Director: András Jeles
Starring: János Opoczki, István Iványi, József Farkas, Dénes Ladányi
Duration: 102 min.
Follow a day in the life of Laszlo, a 20-year-old driver's assistant who spends his day riding cabs, flirting with ladies, and gambling on pinball games - using the money he's just stolen.
The Little Valentino is a Hungarian film directed by András Jeles and was his feature film debut. In 2000, it was selected by Hungarian film critics as part of the Budapest 12, the twelve best films of Hungary.
The minimalistic story loosely follows the escapades of a young slacker who recently stole a bundle of cash. The main character is László (János Opoczki), an aimless and unlikeable young man, which the camera follows from one place to another, as he interacts with various citizens along the way, all the while frivolously spending his loot. Sometimes the camera wanders off, and briefly follows one of the many characters he encounters, but soon enough it returns to observe László go about the rest of his day.

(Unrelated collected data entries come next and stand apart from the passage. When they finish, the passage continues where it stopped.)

Lemma scheme_block_same_type Q S p q : is_scheme Q ->
  (forall Y, is_rel (CycB K) Y -> is_rel Q Y) -> is_rel Q (zero_pair R) ->
  S \in Q -> p \in S -> q \in S -> same_type p q.
Proof.
move=> schQ relC relZ SQ pS qS; case: p pS => x y pS.
have relT : is_rel Q [set: R * R] by move=> S' _; left; apply: subsetT.
have relCyc r : is_rel Q (cyc_rel K r) by apply/relC/is_rel_cyc_rel.
(* q.1 and q.2 are located by the relations {(a, b) : -a \in -xK} and
   {(a, b) : b \in yK}, obtained by composing with {(0, 0)}. *)
split.
- have : (x, y) \in rel_comp (cyc_rel K (- x)) (rel_comp (zero_pair R) setT).
    apply/rel_compP; exists 0; rewrite cyc_relE sub0r orbK_refl; split=> //.
    by apply/rel_compP; exists 0; rewrite !inE.
  rewrite (is_rel_block (is_rel_comp schQ (relCyc _) (is_rel_comp schQ relZ relT)) SQ pS qS).
  case: q {qS} => x' y' /rel_compP[w [xw /rel_compP[v [/set1P[= w0 _] _]]]].
  by move: xw; rewrite w0 cyc_relE sub0r => /orbK_opp; rewrite !opprK.
- have : (x, y) \in rel_comp (rel_comp setT (zero_pair R)) (cyc_rel K y).
    apply/rel_compP; exists 0; rewrite cyc_relE subr0 orbK_refl; split=> //.
    by apply/rel_compP; exists 0; rewrite !inE.
  rewrite (is_rel_block (is_rel_comp schQ (is_rel_comp schQ relT relZ) (relCyc _)) SQ pS qS).
  by case: q {qS} => x' y' /rel_compP[w [/rel_compP[v [_ /set1P[= _ ->]]]]]; rewrite cyc_relE subr0.
- have : (x, y) \in cyc_rel K (y - x) by rewrite cyc_relE orbK_refl.
  by rewrite (is_rel_block (relCyc _) SQ pS qS); case: q {qS} => x' y'; rewrite cyc_relE.
Qed.

Lemma Cu_rel_same_type (X : {set R * R}) :
  (forall p q, same_type p q -> p \in X -> q \in X) -> Cu_rel K X.
Proof.
move=> closX Q schQ relC relM; have relZ := relM _ (mem_head _ _).
apply: is_rel_by_blocks => S p SQ pS pX; apply/subsetP=> q qS.
exact: closX (scheme_block_same_type schQ relC relZ SQ pS qS) pX.
Qed.

End CuRelations.

Section Atoms.
Variables (T : finType) (P : {set T} -> Prop).
Hypothesis P_setD : forall A B, P A -> P B -> P (A :\: B).

Definition atom (X : {set T}) : Prop :=
  [/\ P X, X != set0 & forall Y, P Y -> Y \subset X -> Y = set0 \/ Y = X].

Lemma atom_cover X p : P X -> p \in X -> exists Z, [/\ atom Z, p \in Z & Z \subset X].
Proof.
move: {2}#|X| (leqnn #|X|) => n; elim: n X p => [|n IHn] X p.
  by rewrite leqn0 cards_eq0 => /eqP -> _; rewrite in_set0.
move=> leXn PX pX; have [atomX|not_atomX] := classic (atom X).
  by exists X; split.
have [Y [PY sYX /set0Pn[q qY] neYX]] :
    exists Y, [/\ P Y, Y \subset X, Y != set0 & Y != X].
  apply: NNPP => noY; apply: not_atomX; split=> //; first by apply/set0Pn; exists p.
  move=> Y PY sYX; have [->|Y0] := eqVneq Y set0; first by left.
  by right; have [//|neYX] := eqVneq Y X; case: noY; exists Y.
have ltX (Z : {set T}) : Z \proper X -> (#|Z| <= n)%N.
  by move=> ltZX; rewrite -ltnS (leq_trans (proper_card ltZX)).
have [pY|pNY] := boolP (p \in Y).
  have [|Z [atomZ pZ sZY]] := IHn Y p _ PY pY; first by apply: ltX; rewrite properEneq neYX.
  by exists Z; split=> //; apply: subset_trans sYX.
have pXY : p \in X :\: Y by rewrite inE pNY.
have leXYn : (#|X :\: Y| <= n)%N.
  apply: ltX; rewrite properEneq subsetDl andbT; apply/eqP => eqXYX.
  by have := subsetP sYX q qY; rewrite -eqXYX inE qY.
have [Z [atomZ pZ sZXY]] := IHn _ _ leXYn (P_setD PX PY) pXY.
by exists Z; split=> //; apply: subset_trans sZXY (subsetDl _ _).
Qed.

End Atoms.

Lemma restr_perm_id (T : finType) (S : {set T}) (g : {perm T}) :
  perm_on S g -> restr_perm S g = g.
Proof.
move=> onS; have gN : g \in ('N(S | 'P))%g.
  by apply/astabsP=> x; rewrite /= (perm_closed _ onS).
apply/permP=> x; have [xS|xNS] := boolP (x \in S); first by rewrite restr_permE.
by rewrite (out_perm onS xNS) (out_perm (restr_perm_on _ _) xNS).
Qed.

Section CpAutomorphisms.
Variable R : finComUnitRingType.
Variable K : {group {unit R}}.
Local Notation U := (unitsR R).

Lemma Cp_rel_setD X1 X2 : Cp_rel K X1 -> Cp_rel K X2 -> Cp_rel K (X1 :\: X2).
Proof.
move=> [[Y1 [clY1 ->]] inv1] [[Y2 [clY2 ->]] inv2]; split.
  exists (Y1 :\: Y2); split; first exact: closure_rel_setD.
  apply/setP=> p; rewrite !(in_setD, in_setI).
  by case: (p \in Y1); case: (p \in Y2); case: (p \in setX U U).
move=> a x y ua /setDP[xy1 xyN2]; rewrite inE inv1 // andbT.
by apply: contra xyN2 => /(inv2 a^-1); rewrite unitrV !mulrK //; apply.
Qed.

Lemma AutCp_Cp_rel g X x y : AutCp K g -> Cp_rel K X ->
  ((g x, g y) \in X) = ((x, y) \in X).
Proof.
(* [Cp_basis K] is [atom (Cp_rel K)] by definition. *)
move=> [_ gA] relX; apply/idP/idP => /(atom_cover (@Cp_rel_setD) relX)[Z [atomZ xyZ sZX]].
  by apply: (subsetP sZX); rewrite (gA Z atomZ).
by apply: (subsetP sZX); rewrite -(gA Z atomZ).
Qed.

Lemma restr_perm_AutA f : f \in AutCuv K -> AutA K (restr_perm U f).
Proof.
move=> fA; have fN := AutCuv_norm fA.
have f1 : f 1 = 1 by case/AutCuvP: fA.
split; last by rewrite restr_permE // inE unitr1.
split=> [|X [[[Y [clY ->]] _] _ _] x y]; first exact: restr_perm_on.
have [xU|xNU] := boolP (x \in U); last first.
  by rewrite (out_perm (restr_perm_on _ _) xNU) !in_setI !in_setX /= (negPf xNU) !andbF.
have [yU|yNU] := boolP (y \in U); last first.
  by rewrite (out_perm (restr_perm_on _ _) yNU) !in_setI !in_setX /= (negPf yNU) !andbF.
rewrite !restr_permE // !in_setI !in_setX /= !(AutCuv_unit _ fA) xU yU.
by rewrite (AutCuv_Cu_rel _ _ fA clY).
Qed.

End CpAutomorphisms.

Section CpUnitPairRelations.
Variable R : finComUnitRingType.
Variable K : {group {unit R}}.
Local Notation orbK := (Defs.orbK K).

Definition unit_pair_rel (F : R -> R -> R) (s : R) : {set R * R} :=
  [set p | [&& p.1 \is a GRing.unit, p.2 \is a GRing.unit & F p.1 p.2 \in orbK s]].

Lemma Cp_rel_unit_pair_rel F s :
  (forall p q, p.1 \is a GRing.unit -> same_type K p q -> F q.1 q.2 \in orbK (F p.1 p.2)) ->
  (forall a x y, a \is a GRing.unit -> x \is a GRing.unit -> F (x * a) (y * a) = F x y) ->
  Cp_rel K (unit_pair_rel F s).
Proof.
move=> F_type F_scale; split.
  exists (unit_pair_rel F s); split.
    apply: Cu_rel_same_type => p q pq; rewrite !inE => /and3P[u1 u2 Fp].
    case: pq => q1 q2 q21; rewrite (orbK_unit q1) (orbK_unit q2) u1 u2.
    by rewrite (orbK_transl _ (F_type _ _ u1 (And3 q1 q2 q21))).
  by apply/esym/setIidPl/subsetP=> p; rewrite !inE => /and3P[-> -> _].
move=> a x y ua; rewrite !inE /= => /and3P[ux uy Fxy].
by rewrite !(unitrMl _ ua) ux uy F_scale.
Qed.

Lemma Cp_rel_ratio s : Cp_rel K (unit_pair_rel (fun x y => y / x) s).
Proof.
apply: Cp_rel_unit_pair_rel => [[x y] [x' y'] /= ux [/= x'x y'y _]|a x y ua ux].
  exact/orbK_mul/orbK_inv.
by rewrite invrM // mulrA mulrK.
Qed.

Lemma Cp_rel_diff_ratio t : Cp_rel K (unit_pair_rel (fun x y => (y - x) / x) t).
Proof.
apply: Cp_rel_unit_pair_rel => [[x y] [x' y'] /= ux [/= x'x _ d]|a x y ua ux].
  exact/orbK_mul/orbK_inv.
by rewrite invrM // -mulrBl mulrA mulrK.
Qed.

End CpUnitPairRelations.

Section FieldCase.
Variable R : finComUnitRingType.
Variable K : {group {unit R}}.
Local Notation orbK := (Defs.orbK K).
Local Notation U := (unitsR R).
Hypothesis unitR : forall x : R, x != 0 -> x \is a GRing.unit.

Lemma AutA_AutCuv g : AutA K g -> g \in AutCuv K.
Proof.
case=> gA g1; have [onU _] := gA.
have g0 : g 0 = 0 by apply: (out_perm onU); rewrite inE unitr0.
have gx_orbK x : g x \in orbK x.
  have [/[1!inE] ux|xNU] := boolP (x \in U); last by rewrite (out_perm onU xNU) orbK_refl.
  have : (1, x) \in unit_pair_rel K (fun x y => y / x) x.
    by rewrite !inE unitr1 ux invr1 mulr1 orbK_refl.
  by rewrite -(AutCp_Cp_rel _ _ gA (Cp_rel_ratio _ _)) g1 !inE invr1 mulr1 => /and3P[].
have g_diff x y : g y - g x \in orbK (y - x).
  have [->|/unitR ux] := eqVneq x 0; first by rewrite g0 !subr0.
  have [->|/unitR uy] := eqVneq y 0; first by rewrite g0 !sub0r; apply: orbK_opp.
  have : (x, y) \in unit_pair_rel K (fun x y => (y - x) / x) ((y - x) / x).
    by rewrite !inE ux uy orbK_refl.
  rewrite -(AutCp_Cp_rel _ _ gA (Cp_rel_diff_ratio _ _)) !inE => /and3P[ugx _ d].
  by have := orbK_mul d (gx_orbK x); rewrite !divrK.
rewrite AutCuvE g0 g1 !eqxx !andbT; apply/AutCycP=> r x y.
exact: orbK_transl.
Qed.
Lemma has_toda_expR_ohyama_exponent n :
  has_toda (fun t => expR (ohyama_exponent n t))
    (fun t => 6 * t * (3 * t ^+ 2 + n%:~R) * expR (ohyama_exponent n t) ^+ 2).
Proof.
pose Q : {poly R} := (- (9 / 8))%:P * 'X^4 - ((3 / 2) * n%:~R)%:P * 'X^2.
have QE t : Q.[t] = ohyama_exponent n t.
  by rewrite /Q /ohyama_exponent !hornerE.
apply: has_toda_eq (has_toda_expR_poly Q) _ _ => t _; rewrite ?QE //.
rewrite /Q !poly.derivE.
rewrite !(hornerD, hornerN, hornerM, hornerC, hornerX, hornerXn, hornerMn).
by field.
Qed.

Lemma has_toda_horner_sq (p : {poly R}) : has_toda (fun t => p.[3 * t ^+ 2])
  (fun t => 12 * t * toda (3 * t ^+ 2) p.[3 * t ^+ 2] p^`().[3 * t ^+ 2] p^`()^`().[3 * t ^+ 2]).
Proof.
pose S : {poly R} := 3%:P * 'X^2.
have SE t : S.[t] = 3 * t ^+ 2 by rewrite /S hornerM hornerC hornerXn.
have S1E t : S^`().[t] = 6 * t.
  by rewrite /S !poly.derivE !(hornerD, hornerM, hornerC, hornerX, hornerMn); ring.
have S2E t : S^`()^`().[t] = 6.
  by rewrite /S !poly.derivE !(hornerD, hornerM, hornerC, hornerX, hornerMn); ring.
apply: has_toda_eq; first apply: (has_toda_comp (has_toda_poly p) (has_derive2_poly S)).
- by move=> t t0; rewrite SE mulr_gt0 // exprn_gt0.
- by move=> t _; rewrite SE S1E S2E; ring.
- by move=> t _; rewrite /= SE.
- by move=> t t0; rewrite /= SE S1E; field; rewrite gt_eqF.
Qed.

Lemma has_toda_ohyama_sigma n : has_toda (ohyama_sigma n)
  (fun t => 6 * t * (prefactor n t * expR (ohyama_exponent n t)) ^+ 2
            * (ohyama_lhs n (rho n)).[3 * t ^+ 2]).
Proof.
have := has_toda_mul (has_toda_mul (has_toda_prefactor n)
  (has_toda_expR_ohyama_exponent n)) (has_toda_horner_sq (rho n)).
by move/has_toda_eq; apply=> // t _; rewrite horner_ohyama_lhs; ring.
Qed.

Lemma prefactor_gt0 n t : 0 < t -> 0 < prefactor n t.
Proof. by move=> t0; rewrite /prefactor; case: int_odd; rewrite ?mulr_gt0 ?powR_gt0. Qed.

Lemma sqr_powR3_4 : powR 3 4^-1 ^+ 2 = Num.sqrt (3 : R).
Proof.
rewrite -powR_mulrn ?powR_ge0 // -powRrM -powR12_sqrt //.
by congr powR; field.
Qed.

Lemma prefactorDB1 n t : 0 < t ->
  prefactor (n + 1) t * prefactor (n - 1) t
  = Num.sqrt 3 * prefactor n t ^+ 2 * (if int_odd n then 1 else 3 * t ^+ 2) / (3 * t).
Proof.
move=> t0; have t_neq0 := lt0r_neq0 t0.
have powE : powR t (7 / 24) ^+ 2 = t * powR t (- (5 / 24)) ^+ 2.
  rewrite -!powR_mulrn ?powR_ge0 // -!powRrM -{2}(powRr1 (ltW t0)) -powRD.
    by congr powR; field.
  by rewrite t_neq0 implybT.
have s3 : Num.sqrt (3 : R) * Num.sqrt 3 = 3 by rewrite -expr2 sqr_sqrtr.
rewrite /prefactor int_oddD1 int_oddB1; case: int_odd => /=.
  rewrite -expr2 exprMn sqr_powR3_4 powE (mulrA (Num.sqrt 3)) s3; field.
  by rewrite t_neq0.
rewrite -expr2 exprMn powE -sqr_powR3_4; field.
by rewrite t_neq0.
Qed.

The experimental narrative and the largely unsympathetic main character, make this film somewhat difficult to get into. However, it does provide a very fascinating look at late seventies life in Hungary; and it's not the grim image one expects to see of a communist country. For example, László is seen at various times riding a taxi, eating at a swanky restaurant, ordering cognac and champagne at a bar, and gambling at a pinball arcade. It also uses an interesting stylistic technique, displaying the main character's thoughts typed on screen rather than having a spoken voice over.
Overall The Little Valentino isn't what I would call essential viewing, but it does have some fascinating imagery, and fans of Jim Jarmusch's work will likely find it an interesting watch.